# Saber Wiring Diagram



## ibelee (Dec 7, 2004)

Does anyone have a Saber Wiring Diagram?
Bought a used Meyer w/ Sabers and am trying to hook up.
Tried the Search Function but all Threads were too old to download diagram.
Thanks!


----------



## Robhollar (Dec 27, 2003)

Do you have tbhe adapters or the modules???...Rob


----------



## ibelee (Dec 7, 2004)

*Saber Wiring*

I have the Change Over Modules.


----------



## ibelee (Dec 7, 2004)

*Here's the problem*

Typically when I wire the Sabres through the Modules the turn signal lights act as parking lights w/ the truck headlights on and the plow light switch off. This is not happening. When I switch to the Plow lights the head lights go off as they should and the plow lights come on but the turn signals still do not work.

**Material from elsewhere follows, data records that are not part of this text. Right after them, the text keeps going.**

(* If $Z_1,\dots,Z_S$ are i.i.d. $\mathcal N(0,1)$ random variables, then for every $\varepsilon\in(0,1)$, $$\mathrm P\left[\left|\frac1S\sum_{s=1}^S Z_s^2-1-\left(\frac1S\sum_{s=1}^S Z_s\right)^2\right|\ge\varepsilon\right]\le 3\exp\left\{\frac{-S\varepsilon^2}{25}\right\}.$$ *)

From HB Require Import structures.
From mathcomp Require Import all_boot all_order all_algebra.
From mathcomp Require Import all_classical all_reals all_analysis.
Set Implicit Arguments. Unset Strict Implicit. Unset Printing Implicit Defensive.
Import Order.TTheory GRing.Theory Num.Theory.
Local Open Scope classical_set_scope.
Local Open Scope ring_scope.

(* Mutual independence of a finite family of real random variables:
   for every family of Borel sets (B i)_i, the joint probability factorizes.
   Taking B i = setT for some i covers all subfamilies. *)
Definition mutually_independent_RVs {d} {T : measurableType d} {R : realType}
  (P : probability T R) (n : nat) (Z : 'I_n -> {RV P >-> R}) : Prop :=
  forall B : 'I_n -> set R, (forall i, measurable (B i)) ->
    P (\bigcap_(i in [set: 'I_n]) (Z i @^-1` B i)) =
    (\prod_(i < n) fine (P (Z i @^-1` B i)))%:E.

Definition has_normal_law {d} {T : measurableType d} {R : realType}
  (P : probability T R) (X : {RV P >-> R}) (m s : R) : Prop :=
  forall A : set R, measurable A -> distribution P X A = normal_prob m s A.
Arguments mutually_independent_RVs {d T R} P {n} Z.
Arguments has_normal_law {d T R} P X m s.

From HB Require Import structures.
From mathcomp Require Import all_boot all_order all_algebra.
From mathcomp Require Import all_classical all_reals all_analysis.
From mathcomp Require Import measurable_realfun.
From mathcomp Require Import ring lra.
Import Order.TTheory GRing.Theory Num.Theory.
Local Open Scope classical_set_scope.
Local Open Scope ring_scope.

(* With Q = sum_s Z_s^2 and L = sum_s Z_s, the deviation forces one of four one-sided
   events: Q >= S (1 + eps), Q <= S (1 - 3 eps / 4), L >= S sqrt(eps) / 2 or
   L <= - S sqrt(eps) / 2.  Each is bounded by a Chernoff bound.  By independence the
   moment generating function of sum_s g(Z_s) is the S-th power of that of g(Z), which
   for a standard Gaussian Z is exp(t^2 / 2) for g(x) = x and (1 - 2t)^(-1/2) for
   g(x) = x^2.  The choices t = eps / 6, 3 eps / 16 and sqrt(eps) / 2 give the bounds
   exp(-eps^2/25)^S twice and exp(-eps/8)^S twice, and their sum (or the trivial bound 1
   when S eps^2 is small) is at most 3 exp(-S eps^2 / 25).
   Independence is used through E[prod_i f_i(Z_i)] = prod_i E[f_i(Z_i)] for nonnegative
   measurable f_i, obtained from the definition (indicator functions) by approximating
   one coordinate at a time with simple functions. *)

Lemma measurable_lee_fun d (T : measurableType d) (R : realType) (f g : T -> R) :
  measurable_fun setT f -> measurable_fun setT g -> measurable [set x | f x <= g x].
Proof. by move=> mf mg; rewrite -[X in measurable X]setTI; exact: measurable_fun_le. Qed.

Lemma le_measure_or4 {d} {T : measurableType d} {R : realType}
    (mu : {measure set T -> \bar R}) {E A B C D : set T} :
  measurable E -> measurable A -> measurable B -> measurable C -> measurable D ->
  (forall x, E x -> [\/ A x, B x, C x | D x]) ->
  (mu E <= mu A + mu B + mu C + mu D)%E.
Proof.
move=> mE mA mB mC mD EABCD.
have mAB : measurable (A `|` B) by exact: measurableU.
have mABC : measurable (A `|` B `|` C) by exact: measurableU.
apply: (@le_trans _ _ (mu (A `|` B `|` C `|` D))).
  apply: le_measure; rewrite ?inE//; first exact: measurableU.
  by move=> x /EABCD[]; [left; left; left | left; left; right | left; right | right].
apply: le_trans (measureU2 _ mABC mD) _; rewrite leeD2r//.
apply: le_trans (measureU2 _ mAB mC) _; rewrite leeD2r//.
exact: measureU2.
Qed.

Section weighted_pushforward.
Local Open Scope ereal_scope.
Context d1 d2 (X : measurableType d1) (Y : measurableType d2) (R : realType).
Variables (mu : {measure set X -> \bar R}) (nu : {measure set Y -> \bar R}).
Variables (phi : X -> Y) (G : X -> R) (c : R).
Hypotheses (mphi : measurable_fun setT phi) (mG : measurable_fun setT G).
Hypotheses (G0 : forall x, (0 <= G x)%R) (c0 : (0 <= c)%R).
Hypothesis weightedE : forall B, measurable B ->
  \int[mu]_x (\1_B (phi x) * G x)%:E = c%:E * nu B.

Import HBNNSimple.

Let ge0_integral_nnsfun_weighted (h : {nnsfun Y >-> R}) :
  \int[mu]_x (h (phi x) * G x)%:E = c%:E * \int[nu]_y (h y)%:E.
Proof.
have mh r : measurable (h @^-1` [set r]) by exact: measurable_funPTI.
have hr0 r y : (0 <= r * \1_(h @^-1` [set r]) y)%R.
  by rewrite -lee_fin EFinM nnfun_muleindic_ge0.
have mhr r : measurable_fun setT (fun y => r * \1_(h @^-1` [set r]) y)%R.
  by apply: measurable_funM => //; exact: measurable_indic.
have mhrG r : measurable_fun setT (fun x => r * \1_(h @^-1` [set r]) (phi x) * G x)%R.
  by apply/measurable_funM/mG/measurable_funM => //; exact: measurableT_comp.
under eq_integral do rewrite fimfunE mulr_fsuml -fsumEFin//.
rewrite ge0_integral_fsum//; last 2 first.
- by move=> r; exact/measurable_EFinP.
- by move=> r x _; rewrite lee_fin mulr_ge0 ?hr0.
under [in RHS]eq_integral do rewrite fimfunE -fsumEFin//.
rewrite ge0_integral_fsum//; last 2 first.
- by move=> r; exact/measurable_EFinP.
- by move=> r y _; rewrite lee_fin hr0.
rewrite ge0_mule_fsumr; last by move=> r; apply: integral_ge0 => y _; rewrite lee_fin hr0.
apply: eq_fsbigr => _ /[!inE] -[y _ <-].
under eq_integral do rewrite -mulrA EFinM.
under [in RHS]eq_integral do rewrite EFinM.
have mhy : measurable_fun setT (\1_(h @^-1` [set h y]) : Y -> R).
  exact: measurable_indic.
have mhyG : measurable_fun setT (fun x => \1_(h @^-1` [set h y]) (phi x) * G x)%R.
  by apply/measurable_funM/mG; exact: measurableT_comp.
have hy0 : 0 <= (h y)%:E by rewrite lee_fin.
rewrite !ge0_integralZl//; first by rewrite weightedE// integral_indic// setIT muleCA.
- exact/measurable_EFinP.
- exact/measurable_EFinP.
- by move=> x _; rewrite lee_fin mulr_ge0.
Qed.

Lemma ge0_integral_weighted_pushforward (f : Y -> R) :
  measurable_fun setT f -> (forall y, 0 <= f y)%R ->
  \int[mu]_x (f (phi x) * G x)%:E = c%:E * \int[nu]_y (f y)%:E.
Proof.
move=> mf f0.
have mEf : measurable_fun setT (EFin \o f) by exact/measurable_EFinP.
pose h := nnsfun_approx measurableT mEf.
have h_cvg y : (EFin \o h^~ y) @ \oo --> (f y)%:E.
  by apply: cvg_nnsfun_approx => // *; rewrite lee_fin.
have h_nd y : nondecreasing_seq (h^~ y).
  by move=> m n mn; exact/lefP/nd_nnsfun_approx.
rewrite -ge0_integralZl//; last by move=> y _; rewrite lee_fin.
transitivity (limn (fun n => \int[mu]_x (h n (phi x) * G x)%:E)).
  rewrite -monotone_convergence//.
  - apply: eq_integral => x _; apply/esym/cvg_lim => //.
    rewrite EFinM; under eq_fun do rewrite EFinM.
    exact: cvgeZr (h_cvg (phi x)).
  - move=> n; apply/measurable_EFinP/measurable_funM => //.
    exact: measurableT_comp.
  - by move=> n x _; rewrite lee_fin mulr_ge0.
  - by move=> x _ m n mn; rewrite lee_fin ler_wpM2r// h_nd.
have -> : (fun n => \int[mu]_x (h n (phi x) * G x)%:E) =
          (fun n => \int[nu]_y (c%:E * (h n y)%:E)).
  apply/funext => n; rewrite ge0_integral_nnsfun_weighted ge0_integralZl//.
  - exact/measurable_EFinP.
  - by move=> y _; rewrite lee_fin.
rewrite -monotone_convergence//.
- apply: eq_integral => y _; apply/cvg_lim => //.
  exact: cvgeZl (h_cvg y).
- by move=> n; apply: emeasurable_funM => //; exact/measurable_EFinP.
- by move=> n y _; rewrite lee_fin mulr_ge0.
- by move=> y _ m n mn; rewrite lee_fin ler_wpM2l// h_nd.
Qed.
End weighted_pushforward.
Arguments ge0_integral_weighted_pushforward {d1 d2 X Y R mu nu phi G c}.

Section expectation_prod.
Local Open Scope ereal_scope.
Context d (T : measurableType d) (R : realType) (P : probability T R).
Variables (n : nat) (Z : 'I_n -> {RV P >-> R}).
Hypothesis indepZ : mutually_independent_RVs P Z.

Lemma expectation_indic_comp (X : {RV P >-> R}) (B : set R) : measurable B ->
  \int[P]_w (\1_B (X w))%:E = P (X @^-1` B).
Proof. by move=> mB; rewrite -[X @^-1` B]setIT -integral_indic//; exact: measurable_funPTI. Qed.

Lemma prod_indic_comp (B : 'I_n -> set R) w :
  (\prod_i (\1_(B i) (Z i w) : R) = \1_(\bigcap_(i in [set: 'I_n]) (Z i @^-1` B i)) w)%R.
Proof.
rewrite indicE; case: (boolP (w \in _)) => [/set_mem Bw|/negP Bw].
  by apply: big1 => i _; rewrite indicE mem_set//; exact: Bw.
have [i Bi] : exists i, ~ B i (Z i w).
  by apply/existsNP => allB; apply: Bw; apply/mem_set => i _; exact: allB.
by rewrite (bigD1 i)//= indicE memNset// mul0r.
Qed.

Let expectation_prod_indic (f : 'I_n -> R -> R) (m : 'I_n -> R) :
  (forall i, exists2 B, measurable B & f i = \1_B) ->
  (forall i, \int[P]_w (f i (Z i w))%:E = (m i)%:E) ->
  \int[P]_w (\prod_i f i (Z i w))%:E = (\prod_i m i)%:E.
Proof.
move=> /(_ _)/cid2-/all_sig[B] /all_and2[mB /funext-> /=] Ef.
under eq_integral do rewrite prod_indic_comp.
rewrite integral_indic// ?setIT; last first.
  by apply: fin_bigcap_measurable => // i _; exact: measurable_funPTI.
apply: eq_trans (indepZ _ mB) _; congr EFin; apply: eq_bigr => i _.
by rewrite -expectation_indic_comp// Ef.
Qed.

Let expectation_prod_step (k0 : 'I_n) (f : 'I_n -> R -> R) (m : 'I_n -> R) :
  (forall i, measurable_fun setT (f i)) -> (forall i x, (0 <= f i x)%R) ->
  (forall i, \int[P]_w (f i (Z i w))%:E = (m i)%:E) ->
  (forall C, measurable C ->
    \int[P]_w (\1_C (Z k0 w) * \prod_(i | i != k0) f i (Z i w))%:E =
    (\prod_(i | i != k0) m i)%:E * P (Z k0 @^-1` C)) ->
  \int[P]_w (\prod_i f i (Z i w))%:E = (\prod_i m i)%:E.
Proof.
move=> mf f0 Ef GE.
have m0 i : (0 <= m i)%R.
  by rewrite -lee_fin -Ef; apply: integral_ge0 => w _; rewrite lee_fin f0.
pose G w := (\prod_(i | i != k0) f i (Z i w))%R.
have mG : measurable_fun setT G.
  rewrite /G; under eq_fun do rewrite big_mkcond.
  apply: measurable_prod => i _; case: (i != k0) => //.
  exact: measurableT_comp.
have G0 w : (0 <= G w)%R by apply: prodr_ge0.
have c0 : (0 <= \prod_(i | i != k0) m i)%R by apply: prodr_ge0.
have mfk0 : measurable_fun setT (EFin \o f k0) by exact/measurable_EFinP.
under eq_integral do rewrite (bigD1 k0)//=.
rewrite (ge0_integral_weighted_pushforward (nu := distribution P (Z k0)) _ mG G0 c0 GE)//.
rewrite ge0_integral_distribution//; last by move=> x; rewrite lee_fin.
by rewrite Ef [in RHS](bigD1 k0)//= EFinM muleC.
Qed.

Ran a hot wire to the plow turn signals and they light fine. ????? Any help appreciated.


----------



## fernalddude (Feb 15, 2004)

hey try cpw site they have all the drawings https://www.centralparts.com/Literature-Meyer-15.aspx 
hope this helps...


----------



## ibelee (Dec 7, 2004)

*That did the trick!*



fernalddude said:


> hey try cpw site they have all the drawings https://www.centralparts.com/Literature-Meyer-15.aspx
> hope this helps...


Thanks much. Never noticed the Literature Link on CPW.
Thanks again!


----------



## fernalddude (Feb 15, 2004)

Glad to hear it helped


----------